I see a few reasons that could probably explain such a situation

  • designing some (naive) e-commerce solution is easy, and can be done in 3 months by an experienced programmer. In addition, there are plenty of open source software packages to get you inspired.

  • getting your first ten customers is relatively easy. Just prospect your neighborhood, and you will probably find a few retailers that would accept to get an online front-end for their existing business.

  • e-commerce is hype and all major media are promising a huge business growth for online transactions in the next few years.

Yet, all those positive elements seem seriously flawed to me. Although, a minimal shopping cart can be designed in 3 months, a practical one needs to support virtually all payment providers and all shipping providers (and probably many accounting, ERP solutions as well, if you wish to catch successful e-commerce owners) . And then, it's not any more a 3 months project, but requires some major development efforts.

Then, as getting your first few customers might be (relatively) easy, because you can leverage your immediate neighborhoods, this approach does not scale at all. Considering the decreasing costs of the e-commerce hosting, I don't think that any e-commerce provider business will be sustainable within a few years with less than a couple of thousands of customers. In order to scale-up on such a market, you need a huge online presence, that will drive huge amount of customers to your website. But considering that most e-commerce provider websites already have a Google PageRank of 7 or above (osCommerce has 8 ), competition is clearly super-tough in this area.
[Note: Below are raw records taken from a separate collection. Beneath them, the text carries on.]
Definition halves_tuple e : 2.-tuple (fsp K H) := [tuple dvec K (h1 e); dvec K (h2 e)].

Definition omega e : fsp K (2.-tuple H) := wedge (halves_tuple e).

Lemma omegaE e (a : 2.-tuple H) : omega e a =
  (tnth a 0 == h1 e)%:R * (tnth a 1 == h2 e)%:R - (tnth a 1 == h1 e)%:R * (tnth a 0 == h2 e)%:R.
Proof. by rewrite ffunE det_mx2 !mxE !ffunE. Qed.

Lemma omega_halves e : omega e [tuple h1 e; h2 e] = 1.
Proof.
by rewrite omegaE !(tnth_nth (h1 e)) /= !eqxx h1_eq_h2 eq_sym h1_eq_h2 mulr0 subr0 mulr1.
Qed.

Lemma RHe_basis e : basis_of (RHe K e) (halves_tuple e).
Proof.
apply/andP; split.
  apply/eqP/eq_span => x; rewrite !inE; apply/idP/mapP => [/orP[]/eqP -> | [h]].
  - by exists (h1 e); rewrite ?mem_enum ?inE ?gedge_h1.
  - by exists (h2 e); rewrite ?mem_enum ?inE ?gedge_h2.
  by rewrite mem_enum inE gedge_eqE => /orP[]/eqP -> ->; rewrite eqxx ?orbT.
apply: (free_dual_points (z := fun i => tnth [tuple h1 e; h2 e] i)) => i j.
by case: i j => [[|[|//]] ?] [[|[|//]] ?]; rewrite !(tnth_nth (h1 e)) /= ffunE
  ?eqxx ?h1_eq_h2 // eq_sym h1_eq_h2.
Qed.

Lemma detl_RHe e : detl 2 (RHe K e) = <[omega e]>%VS.
Proof. exact: detl_basis (RHe_basis e). Qed.

End HalfEdgeLines.

Section Automorphism.
Variables (K : fieldType) (G : graph).
Variables (sV : {perm gV G}) (sE : {perm gE G}) (sH : {perm gH G}).
Hypothesis hA : is_aut sV sE sH.

Lemma antisym_pull x : antisym (pull sH x) = pull sH (@antisym K G x).
Proof.
apply/ffunP => h; rewrite !ffunE [RHS](reindex_inj (@perm_inj _ sH)) /=.
by apply: eq_big => [h'|h' _]; rewrite ?ffunE // !hA.2 (inj_eq perm_inj).
Qed.

Lemma bd_pull x : bd (pull sH x) = pull sV (@bd K G x).
Proof.
apply/ffunP => v; rewrite !ffunE [RHS](reindex_inj (@perm_inj _ sH)) /=.
by apply: eq_big => [h'|h' _]; rewrite ?ffunE // hA.1 (inj_eq perm_inj).
Qed.

Lemma C1_pull : {in C1 K G, forall x, pull sH x \in C1 K G}.
Proof. by move=> x; rewrite !memC1 antisym_pull => /eqP ->; rewrite linear0. Qed.

Lemma H1_pull : {in H1 K G, forall x, pull sH x \in H1 K G}.
Proof.
move=> x; rewrite !memv_cap => /andP[/C1_pull -> ]; rewrite !memv_ker !lfunE /= bd_pull.
by move/eqP ->; rewrite linear0.
Qed.

Definition aut_sign e : K := if sH (h1 e) == h1 (sE e) then 1 else -1.

Lemma cvec_pull e : pull sH (cvec K (sE e)) = aut_sign e *: cvec K e.
Proof.
rewrite /aut_sign; have [[f1 f2]|[f1 f2]] := aut_halves hA e.
  by rewrite f1 eqxx scale1r; apply/ffunP => h; rewrite !ffunE -f1 -f2 !(inj_eq perm_inj).
rewrite f1 (eq_sym (h2 _)) h1_eq_h2 scaleN1r opprB; apply/ffunP => h.
by rewrite !ffunE -f1 -f2 !(inj_eq perm_inj).
Qed.
Definition general_position n (L : 'I_n -> R * R * R) : Prop :=
  forall (i j k : 'I_n) (p : R * R), i != j -> j != k -> i != k ->
    on_line (L i) p -> on_line (L j) p -> on_line (L k) p -> False.

Definition vertex n (L : 'I_n -> R * R * R) (p : R * R) : Prop :=
  exists i j : 'I_n, i != j /\ on_line (L i) p /\ on_line (L j) p.

Definition seg (p q : R * R) : set (R * R) :=
  [set x | exists t : R, 0 <= t <= 1 /\
     x = (p.1 + t * (q.1 - p.1), p.2 + t * (q.2 - p.2))].

Definition edge_on n (L : 'I_n -> R * R * R) (k : 'I_n) (E : set (R * R)) : Prop :=
  exists p q : R * R, p <> q /\ vertex L p /\ vertex L q /\
    on_line (L k) p /\ on_line (L k) q /\
    (forall r, vertex L r -> seg p q r -> r = p \/ r = q) /\
    E = seg p q.

Definition edge n (L : 'I_n -> R * R * R) (E : set (R * R)) : Prop :=
  exists k, edge_on L k E.

Definition convex_set (A : set (R * R)) : Prop :=
  forall p q, A p -> A q -> seg p q `<=` A.

Definition boundary (A : set (R * R)) : set (R * R) := closure A `\` A°.

Definition boundary_of_edges n (L : 'I_n -> R * R * R) (V : set (R * R)) : Prop :=
  exists (K : set 'I_n) (E : 'I_n -> set (R * R)),
    (forall k, K k -> edge_on L k (E k)) /\
    boundary V = \bigcup_(k in K) E k.

(* The properties in the definition of an alcove (plus nonempty interior). *)
Definition alcove_like n (L : 'I_n -> R * R * R) (V : set (R * R)) : Prop :=
  [/\ compact V, convex_set V, connected V, V° !=set0 &
      boundary_of_edges L V].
Finally, although the e-commerce market is promised to grow, I suspect that most of the growth of the retail activity is going to be absorbed by a few hundred companies. Beside those leading online retailers, there will probably be some room for a few thousands online retailers operating in niches. Even if we assume that the web can sustain 100.000 profitable web shops worldwide (which looks already quite an optimistic estimate to me), it clearly won't sustain the 1.000 shopping cart providers that currently exists. Thus, I would expect 90% of those companies to either disappear or merge in the next decade. Since it does not cost much to maintain an online business, the process can be quite slow though.

Finally, if the shopping cart software itself may have been an issue in the past to create an online store, it is not anymore (unless you have to deal with millions of customers, because most e-commerce solutions don't scale, but very few online businesses end up with such issues). And the amount of money that needs to be invested in the e-commerce software is now ridiculously low compared to the other - non software related - areas such as creating textual content and marketing.